The exercise calls for every entry that follows to be repeated exactly.

[Extracted data entries]
◇ ◇ ◇ ◇ ◇

(* Both words in the support of a relation have the same letters. *)
Lemma relgen_scale_prod q (D : 'I_n -> k) u i j w x :
  \prod_(a <- x) D a * relgen q u i j w x =
  \prod_(a <- u ++ [:: i; j] ++ w) D a * relgen q u i j w x.
Proof.
rewrite /relgen !mulrBr; congr (_ - _).
  case: eqP => [->|_]; last by rewrite !mulr0.
  by rewrite !big_cat !big_cons !big_nil /= !mulr1 [D j * D i]mulrC.
rewrite mulrCA [in RHS]mulrCA; congr (_ * _).
by case: (x =P u ++ [:: i; j] ++ w) => [->|_]; rewrite ?mulr0.
Qed.

Lemma map_tuple_perm_inj s p : injective (@map_tuple p _ _ s).
Proof. by move=> u v /(congr1 val) /(inj_map (@perm_inj _ s)) /val_inj. Qed.

Lemma inI_tensg_monomial q (D : 'rV[k]_n) s d f :
  (forall i j, q (s i) (s j) = q i j) ->
  inI q d f -> inI q d (tensg d (diag_mx D *m perm_mx s) f).
Proof.
move=> hs [c Hc].
exists (fun p u w a b => c p (map s u) (map s w) (s a) (s b) *
                         \prod_(e <- u ++ [:: a; b] ++ w) D 0 e) => x.
have [hx|hx] := eqVneq (size x) d; last first.
  rewrite /tensg (negbTE hx); symmetry.
  apply: big1 => p _; apply: big1 => u _; apply: big1 => w _.
  apply: big1 => a _; apply: big1 => b _.
  by rewrite relgen_size ?mulr0 // !size_tuple; move: hx (ltn_ord p); lia.
rewrite tensg_monomial // Hc mulr_sumr; apply: eq_bigr => p _.
rewrite mulr_sumr (reindex_inj (@map_tuple_perm_inj s p)); apply: eq_bigr => u _.
rewrite mulr_sumr (reindex_inj (@map_tuple_perm_inj s _)); apply: eq_bigr => w _.
rewrite mulr_sumr (reindex_inj (@perm_inj _ s)); apply: eq_bigr => a _.
rewrite mulr_sumr (reindex_inj (@perm_inj _ s)); apply: eq_bigr => b _.
by rewrite /= relgen_map // mulrCA (relgen_scale_prod q (fun e => D 0 e)) mulrA.
Qed.

Lemma relgen_inI q i j : inI q 2 (relgen q [::] i j [::]).
Proof.
exists (fun p u w a b => ((a == i) && (b == j))%:R) => x.
rewrite big_ord1 !sum_tuple0 /=; symmetry.
rewrite (bigD1 i) //= [X in _ + X]big1 => [|a /negPf ha]; last first.
  by apply: big1 => b _; rewrite ha mul0r.
rewrite addr0 (bigD1 j) //= [X in _ + X]big1 => [|b /negPf hb]; last first.
  by rewrite hb andbF mul0r.
by rewrite addr0 !eqxx mul1r.
Qed.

◇ ◇ ◇ ◇ ◇

ANSWER SECTION:
(* Both words in the support of a relation have the same letters. *)
Lemma relgen_scale_prod q (D : 'I_n -> k) u i j w x :
  \prod_(a <- x) D a * relgen q u i j w x =
  \prod_(a <- u ++ [:: i; j] ++ w) D a * relgen q u i j w x.
Proof.
rewrite /relgen !mulrBr; congr (_ - _).
  case: eqP => [->|_]; last by rewrite !mulr0.
  by rewrite !big_cat !big_cons !big_nil /= !mulr1 [D j * D i]mulrC.
rewrite mulrCA [in RHS]mulrCA; congr (_ * _).
by case: (x =P u ++ [:: i; j] ++ w) => [->|_]; rewrite ?mulr0.
Qed.

Lemma map_tuple_perm_inj s p : injective (@map_tuple p _ _ s).
Proof. by move=> u v /(congr1 val) /(inj_map (@perm_inj _ s)) /val_inj. Qed.

Lemma inI_tensg_monomial q (D : 'rV[k]_n) s d f :
  (forall i j, q (s i) (s j) = q i j) ->
  inI q d f -> inI q d (tensg d (diag_mx D *m perm_mx s) f).
Proof.
move=> hs [c Hc].
exists (fun p u w a b => c p (map s u) (map s w) (s a) (s b) *
                         \prod_(e <- u ++ [:: a; b] ++ w) D 0 e) => x.
have [hx|hx] := eqVneq (size x) d; last first.
  rewrite /tensg (negbTE hx); symmetry.
  apply: big1 => p _; apply: big1 => u _; apply: big1 => w _.
  apply: big1 => a _; apply: big1 => b _.
  by rewrite relgen_size ?mulr0 // !size_tuple; move: hx (ltn_ord p); lia.
rewrite tensg_monomial // Hc mulr_sumr; apply: eq_bigr => p _.
rewrite mulr_sumr (reindex_inj (@map_tuple_perm_inj s p)); apply: eq_bigr => u _.
rewrite mulr_sumr (reindex_inj (@map_tuple_perm_inj s _)); apply: eq_bigr => w _.
rewrite mulr_sumr (reindex_inj (@perm_inj _ s)); apply: eq_bigr => a _.
rewrite mulr_sumr (reindex_inj (@perm_inj _ s)); apply: eq_bigr => b _.
by rewrite /= relgen_map // mulrCA (relgen_scale_prod q (fun e => D 0 e)) mulrA.
Qed.

Lemma relgen_inI q i j : inI q 2 (relgen q [::] i j [::]).
Proof.
exists (fun p u w a b => ((a == i) && (b == j))%:R) => x.
rewrite big_ord1 !sum_tuple0 /=; symmetry.
rewrite (bigD1 i) //= [X in _ + X]big1 => [|a /negPf ha]; last first.
  by apply: big1 => b _; rewrite ha mul0r.
rewrite addr0 (bigD1 j) //= [X in _ + X]big1 => [|b /negPf hb]; last first.
  by rewrite hb andbF mul0r.
by rewrite addr0 !eqxx mul1r.
Qed.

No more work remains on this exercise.